[Saved data entries]

Lemma conv2A (F G K : H -> H -> A) : bilin F -> bilin G -> bilin K ->
  (F ** G) ** K = F ** (G ** K).
Proof.
move=> [F1 F2] [G1 G2] [K1 K2].
apply: functional_extensionality => h; apply: functional_extensionality => g.
rewrite /conv2.
pose T x y z := \sum_(q <- delta g) \sum_(q' <- delta q.1) F x q'.1 * G y q'.2 * K z q.2.
have -> : \sum_(p <- delta h) \sum_(q <- delta g)
     (\sum_(p0 <- delta p.1) \sum_(q0 <- delta q.1) F p0.1 q0.1 * G p0.2 q0.2) * K p.2 q.2
   = \sum_(p <- delta h) \sum_(p' <- delta p.1) T p'.1 p'.2 p.2.
  apply: eq_bigr => p _; rewrite /T exchange_big /=; apply: eq_bigr => q _.
  by rewrite mulr_suml; apply: eq_bigr => p' _; rewrite mulr_suml.
rewrite coassoc; last first.
  split; [|split].
  - by move=> x y; apply: lin_sumr => q; apply: lin_sumr => q'; apply: lin_mulr.
  - move=> x z; apply: lin_sumr => q; apply: lin_sumr => q'.
    exact: (lin_mull _ (lin_mulr _ (G2 _))).
  - move=> y z; apply: lin_sumr => q; apply: lin_sumr => q'.
    exact: (lin_mull _ (lin_mull _ (F2 _))).
apply: eq_bigr => p _; rewrite /T /=.
rewrite [RHS](eq_bigr (fun q => \sum_(p' <- delta p.2) \sum_(q' <- delta q.2)
          F p.1 q.1 * G p'.1 q'.1 * K p'.2 q'.2)); last first.
  move=> q _; rewrite mulr_sumr; apply: eq_bigr => p' _; rewrite mulr_sumr.
  by apply: eq_bigr => q' _; rewrite mulrA.
rewrite [RHS]exchange_big /=; apply: eq_bigr => p' _.
apply: (coassoc (f := fun a b c => F p.1 a * G p'.1 b * K p'.2 c)).
split; [|split].
- by move=> a b; apply: lin_mulr.
- by move=> a c; apply: (lin_mull _ (lin_mulr _ (G1 _))).
- by move=> b c; apply: (lin_mull _ (lin_mull _ (F1 _))).
Qed.

Definition tensor_eps (f : H -> A) (x y : H) : A := eps y *: f x.
Definition act_comp (act : H -> A -> A) (f : H -> A) (x y : H) : A := act x (f y).
Definition comp_mul (f : H -> A) (x y : H) : A := f (x * y).

Lemma bilin_tensor_eps (f : H -> A) : lin f -> bilin (tensor_eps f).
Proof.
move=> hf; split=> [x a y z | y a x z]; rewrite /tensor_eps.
- by rewrite eps_lin scalerDl scalerA.
- by rewrite hf scalerDr !scalerA mulrC.
Qed.

Lemma bilin_act_comp (act : H -> A -> A) (f : H -> A) :
  bilin act -> lin f -> bilin (act_comp act f).
Proof. by move=> [act1 act2] hf; split=> [x|y]; [apply: lin_comp | apply: act2]. Qed.

Lemma bilin_comp_mul (f : H -> A) : lin f -> bilin (comp_mul f).
Proof.
move=> hf; split=> [x a y z | y a x z]; rewrite /comp_mul -hf; congr f.
- by rewrite mulrDr scalerAr.
- by rewrite mulrDl scalerAl.
Qed.

Lemma conv2_tensor_epsl (f : H -> A) (F : H -> H -> A) h g : (forall x, lin (F x)) ->
  (tensor_eps f ** F) h g = \sum_(p <- delta h) f p.1 * F p.2 g.
Proof.
move=> hF; rewrite /conv2; apply: eq_bigr => p _.
rewrite -(counitL_lin g (hF p.2)) mulr_sumr; apply: eq_bigr => q _.
by rewrite /tensor_eps -scalerAl scalerAr.
Qed.

Lemma conv2_tensor_epsr (f : H -> A) (F : H -> H -> A) h g : (forall x, lin (F x)) ->
  (F ** tensor_eps f) h g = \sum_(p <- delta h) F p.1 g * f p.2.
Proof.
move=> hF; rewrite /conv2; apply: eq_bigr => p _.
rewrite -(counitR_lin g (hF p.1)) mulr_suml; apply: eq_bigr => q _.
by rewrite /tensor_eps -scalerAr scalerAl.
Qed.

Lemma tensor_eps_conv1 (f g : H -> A) : lin g ->
  tensor_eps (f * g)%function = tensor_eps f ** tensor_eps g.
Proof.
move=> hg; apply: functional_extensionality => h; apply: functional_extensionality => l.
rewrite conv2_tensor_epsl; last by case: (bilin_tensor_eps hg).
by rewrite /tensor_eps /conv1 /sw scaler_sumr; apply: eq_bigr => p _; rewrite scalerAr.
Qed.

Lemma comp_mul_conv1 (f g : H -> A) : lin f -> lin g ->
  comp_mul (f * g)%function = comp_mul f ** comp_mul g.
Proof.
move=> hf hg; apply: functional_extensionality => x; apply: functional_extensionality => y.
by rewrite /comp_mul /conv1 delta_mul //; apply: bilin_mul.
Qed.
Definition triangle_partition (T : finType) (e : rel T) :=
  exists P : {set {set T}}, partition P [set: T] /\
    forall B, B \in P -> #|B| = 3 /\ {in B &, forall x y, x != y -> e x y}.

(* Gadget vertices tolerate only 3 errors, so in a tolerant clustering every
   gadget C_S lies inside one cluster and distinct gadgets lie in distinct
   clusters.  A vertex u of G lies in 'C(n-1, 2) triples; if its cluster met
   none of their gadgets, u would have 7 'C(n-1, 2) errors, so it meets exactly
   one, C_(home u), and the other gadgets through u already cost
   7 ('C(n-1, 2) - 1) errors.  The remaining budget of 2 errors, against the
   4 neighbours of u, forces the two other vertices of home u to be neighbours
   of u in its cluster; hence the sets home u partition V(G) into triangles.
   Conversely, putting each triangle of a triangle partition in one cluster
   with its gadget, and every other gadget in a cluster of its own, gives a
   vertex of G exactly 2 neighbours outside its triangle as remaining errors. *)

From mathcomp Require Import all_boot zify.
Set Implicit Arguments. Unset Strict Implicit. Unset Printing Implicit Defensive.

Lemma card_triples_at (T : finType) (u : T) :
  #|[set A : triple T | u \in val A]| = 'C(#|T|.-1, 2).
Proof.
have -> : #|[set A : triple T | u \in val A]| =
          #|[set S : {set T} | (#|S| == 3) && (u \in S)]|.
  rewrite -(card_imset _ val_inj); apply: eq_card => S; rewrite inE.
  apply/imsetP/andP.
  - by case=> A; rewrite inE => uA ->; split => //; exact: (valP A).
  - by case=> cS uS; exists (Sub S cS : triple T); rewrite ?inE /= ?SubK.
have -> : [set S : {set T} | (#|S| == 3) && (u \in S)] =
   (fun B => u |: B) @: [set B : {set T} | B \subset [set~ u] & #|B| == 2].
  apply/setP => S; rewrite inE; apply/andP/imsetP.
  - case=> /eqP cS uS; exists (S :\ u); last by rewrite setD1K.
    rewrite inE; apply/andP; split.
      by apply/subsetP => x; rewrite !inE => /andP[].
    by move: cS; rewrite (cardsD1 u S) uS add1n => -[->].
  - case=> B; rewrite inE => /andP[sB cB] ->; split; last by rewrite setU11.
    have uB : u \notin B by apply/negP => /(subsetP sB); rewrite !inE eqxx.
    by rewrite cardsU1 uB (eqP cB).
rewrite card_in_imset ?cards_draws ?cardsC1 //.
move=> B1 B2; rewrite !inE => /andP[s1 _] /andP[s2 _] E.
have u1 : u \notin B1 by apply/negP => /(subsetP s1); rewrite !inE eqxx.
have u2 : u \notin B2 by apply/negP => /(subsetP s2); rewrite !inE eqxx.
by rewrite -(setU1K u1) -(setU1K u2) E.
Qed.

Lemma card_other_triples_at (T : finType) (u : T) (A : triple T) : u \in val A ->
  #|[set B : triple T | u \in val B] :\ A| = 'C(#|T|.-1, 2) - 1.
Proof.
move=> uA; rewrite -(card_triples_at u) (cardsD1 A [set B : triple T | u \in val B]).
by rewrite inE uA add1n subn1.
Qed.

Lemma card_inl_inr_setU (A B : finType) (S1 : {set A}) (S2 : {set B}) :
  #|(inl @: S1 :|: inr @: S2) : {set A + B}| = #|S1| + #|S2|.
Proof.
rewrite -(card_imset S1 (@inl_inj A B)) -(card_imset S2 (@inr_inj A B)).
apply/eqP; rewrite (leq_card_setU _ _).2 disjoint_subset.
by apply/subsetP => _ /imsetP[x _ ->]; rewrite !inE; apply/imsetP => -[].
Qed.

Lemma gadget_inj (T : finType) (A : triple T) :
  injective (fun i : 'I_7 => inr (A, i) : HV T).
Proof. by move=> i j [->]. Qed.

Section Labellings.

Variable V : finType.

Definition error_set (X : eqType) (plus : V -> V -> bool) (lab : V -> X) (v : V) :
  {set V} :=
  [set u | (u != v) && (if plus u v then lab u != lab v else lab u == lab v)].
(* Let $(X,T)$ be a minimal topological dynamical system with $X$ compact metrisable and $T$ abelian, with maximal equicontinuous factor map $\pi:X\to X_{max}$, and let $e$ be a minimal idempotent of its Ellis semigroup $E$. Let $s:X_{max}\to{\mathcal H}_e$ be a map with $ev_0\circ\pi_*\circ s={\mathrm{id}}$ and $s\circ\delta^t=\alpha^t\circ s$ for all $t\in T$. Let $f\in K_e$ with $f\neq e$ and let $a\in X_{max}$. Then $\mathrm{supp}(s(a)fs(a)^{-1})=\mathrm{supp}(f)+a$, where $s(a)^{-1}$ is the inverse in ${\mathcal H}_e$.
   Context: $T$ acts on $X$ by homeomorphisms $\alpha^t$. $E$ is the closure of $\{\alpha^t\}$ in $X^X$ (pointwise convergence, composition as product); minimal idempotents are idempotents of its smallest two-sided ideal. ${\mathcal H}_e=eEe$ is the structure group, a group with identity $e$. Since $(X,T)$ is minimal and $T$ abelian, $X_{max}$ is a compact abelian group (written additively, neutral element $0$) on which $T$ acts by translations $\delta^t$; its Ellis semigroup $E(X_{max})$ is a group and evaluation at $0$, $ev_0:E(X_{max})\to X_{max}$, is an isomorphism. $\pi_*:E(X)\to E(X_{max})$ is the induced epimorphism $\pi_*(g)(\pi(x))=\pi(g(x))$. $K_e$ is the subgroup of ${\mathcal H}_e$ of elements $g$ preserving the fibres of $\pi$ (i.e. $\pi(g(x))=\pi(x)$ for all $x$). For $g\in{\mathcal H}_e$, $g$ acts trivially at $\xi\in X_{max}$ if all points of $e(\pi^{-1}(\xi))$ are fixed by $g$, and $\mathrm{supp}(g)$ is the set of points at which $g$ does not act trivially. *)

From HB Require Import structures.
From Stdlib Require Import ClassicalEpsilon.
From mathcomp Require Import all_boot all_order all_algebra.
From mathcomp Require Import all_classical all_reals all_analysis.
Set Implicit Arguments. Unset Strict Implicit. Unset Printing Implicit Defensive.
Import Order.TTheory GRing.Theory Num.Theory.
Local Open Scope classical_set_scope.
Local Open Scope ring_scope.

Definition is_action (T : zmodType) (X : topologicalType) (a : T -> X -> X) :=
  [/\ a 0 = id, (forall s t, a (s + t) = a s \o a t) & (forall t, continuous (a t))].

Definition minimal_system (T : zmodType) (X : topologicalType) (a : T -> X -> X) :=
  forall x : X, closure (range (fun t => a t x)) = [set: X].

Definition factor_map (T : zmodType) (X Y : topologicalType)
  (a : T -> X -> X) (b : T -> Y -> Y) (p : X -> Y) :=
  [/\ continuous p, (forall y, exists x, p x = y) & (forall t x, p (a t x) = b t (p x))].

(** The maximal equicontinuous factor, with X_max a compact (Hausdorff) abelian
    topological group on which T acts by the translations d t xi = xi + c t. *)
Definition is_max_equicontinuous_factor (T : zmodType) (X : topologicalType)
  (a : T -> X -> X) (Xm : topologicalZmodType) (c : T -> Xm) (pi : X -> Xm) :=
  [/\ hausdorff_space Xm, compact [set: Xm],
      (forall s t, c (s + t) = c s + c t),
      factor_map a (fun t xi => xi + c t) pi &
      (forall (Y : puniformType) (b : T -> Y -> Y) (p : X -> Y),
          hausdorff_space Y -> compact [set: Y] -> is_action b ->
          equicontinuous [set: T] b -> factor_map a b p ->
          exists q : Xm -> Y, continuous q /\ (forall x, q (pi x) = p x))].

Definition ellis (T : Type) (X : topologicalType) (a : T -> X -> X) : set (X -> X) :=
  @closure {ptws X -> X} (range a).

Definition two_sided_ideal (X : Type) (E I : set (X -> X)) :=
  [/\ I !=set0, I `<=` E &
      forall g h, E g -> I h -> I (g \o h) /\ I (h \o g)].

Definition smallest_ideal (X : Type) (E I : set (X -> X)) :=
  two_sided_ideal E I /\ forall J, two_sided_ideal E J -> I `<=` J.

Definition minimal_idempotent (X : Type) (E : set (X -> X)) (e : X -> X) :=
  (exists I, smallest_ideal E I /\ I e) /\ e \o e = e.

Definition structure_group (X : Type) (E : set (X -> X)) (e : X -> X) : set (X -> X) :=
  [set e \o g \o e | g in E].

Definition Hinv (X : Type) (E : set (X -> X)) (e g : X -> X) : X -> X :=
  epsilon (inhabits id)
    (fun h => structure_group E e h /\ h \o g = e /\ g \o h = e).

Definition pi_star (X Xm : Type) (pi : X -> Xm) (g : X -> X) : Xm -> Xm :=
  epsilon (inhabits id) (fun h => forall x, h (pi x) = pi (g x)).

Definition ev0 (Xm : zmodType) (h : Xm -> Xm) : Xm := h 0.

Definition K_e (X Xm : Type) (E : set (X -> X)) (e : X -> X) (pi : X -> Xm) :
  set (X -> X) :=
  [set g | structure_group E e g /\ forall x, pi (g x) = pi x].

Definition supp (X Xm : Type) (e : X -> X) (pi : X -> Xm) (g : X -> X) : set Xm :=
  [set xi | exists x, pi x = xi /\ g (e x) <> e x].

From HB Require Import structures.
From Stdlib Require Import ClassicalEpsilon.
From mathcomp Require Import all_boot all_order all_algebra.
From mathcomp Require Import all_classical all_reals all_analysis.
Import Order.TTheory GRing.Theory Num.Theory.
Local Open Scope classical_set_scope.
Local Open Scope ring_scope.

Set Implicit Arguments. Unset Strict Implicit. Unset Printing Implicit Defensive.

(* Every element k of the Ellis semigroup is a pointwise limit of maps alpha t,
   which act on X_max by translations, so k translates X_max as well:
   pi (k x) - pi x does not depend on x.  For s(a) the normalisation
   ev_0 (pi_* s(a)) = a says that this translation is by a, and the inverse of
   s(a) in H_e (which exists since e lies in a minimal left ideal of E, found by
   Zorn's lemma and the compactness of E) translates by -a.  Conjugation by s(a)
   therefore carries the fibre of e over xi to the fibre over xi + a, and a
   point there is fixed by s(a) f s(a)^-1 iff its preimage is fixed by f. *)

Lemma ptws_continuous (Y : topologicalType) (I : Type) (Z : topologicalType)
  (F : Y -> {ptws I -> Z}) : (forall i, continuous (F^~ i)) -> continuous F.
Proof.
move=> cF y; apply/cvg_sup => i.
move: y; apply/(@continuousP _ (initial_topology (fun f : I -> Z => f i))).
by move=> _ [B oB <-]; exact: open_comp (fun y _ => cF i y) oB.
Qed.

Lemma ptws_compact (I : eqType) (Z : topologicalType) :
  compact [set: Z] -> compact [set: {ptws I -> Z}].
Proof.
move=> cZ; have := @tychonoff _ (fun _ : I => Z) (fun _ => setT) (fun=> cZ).
by congr compact; rewrite predeqE.
Qed.

Lemma continuous_compr_ptws (I : eqType) (J : Type) (Z : topologicalType)
  (q : J -> I) : continuous (fun u : {ptws I -> Z} => (u \o q : {ptws J -> Z})).
Proof. by apply: ptws_continuous => j; exact: proj_continuous. Qed.

Lemma continuous_compl_ptws (I : eqType) (Z W : topologicalType) (a : Z -> W) :
  continuous a -> continuous (fun u : {ptws I -> Z} => (a \o u : {ptws I -> W})).
Proof.
move=> ca; apply: ptws_continuous => i u.
exact: (continuous_comp (@proj_continuous I (fun=> Z) i u) (ca _)).
Qed.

## EXERCISE DESCRIPTION
Set down, exactly as they stand above, the lines starting with the line with "gadget C_S lies" and going on through the line with "7 ('C(n-1, 2)", and no others.

## TASK RESPONSE
   gadget C_S lies inside one cluster and distinct gadgets lie in distinct
   clusters.  A vertex u of G lies in 'C(n-1, 2) triples; if its cluster met
   none of their gadgets, u would have 7 'C(n-1, 2) errors, so it meets exactly
   one, C_(home u), and the other gadgets through u already cost
   7 ('C(n-1, 2) - 1) errors.  The remaining budget of 2 errors, against the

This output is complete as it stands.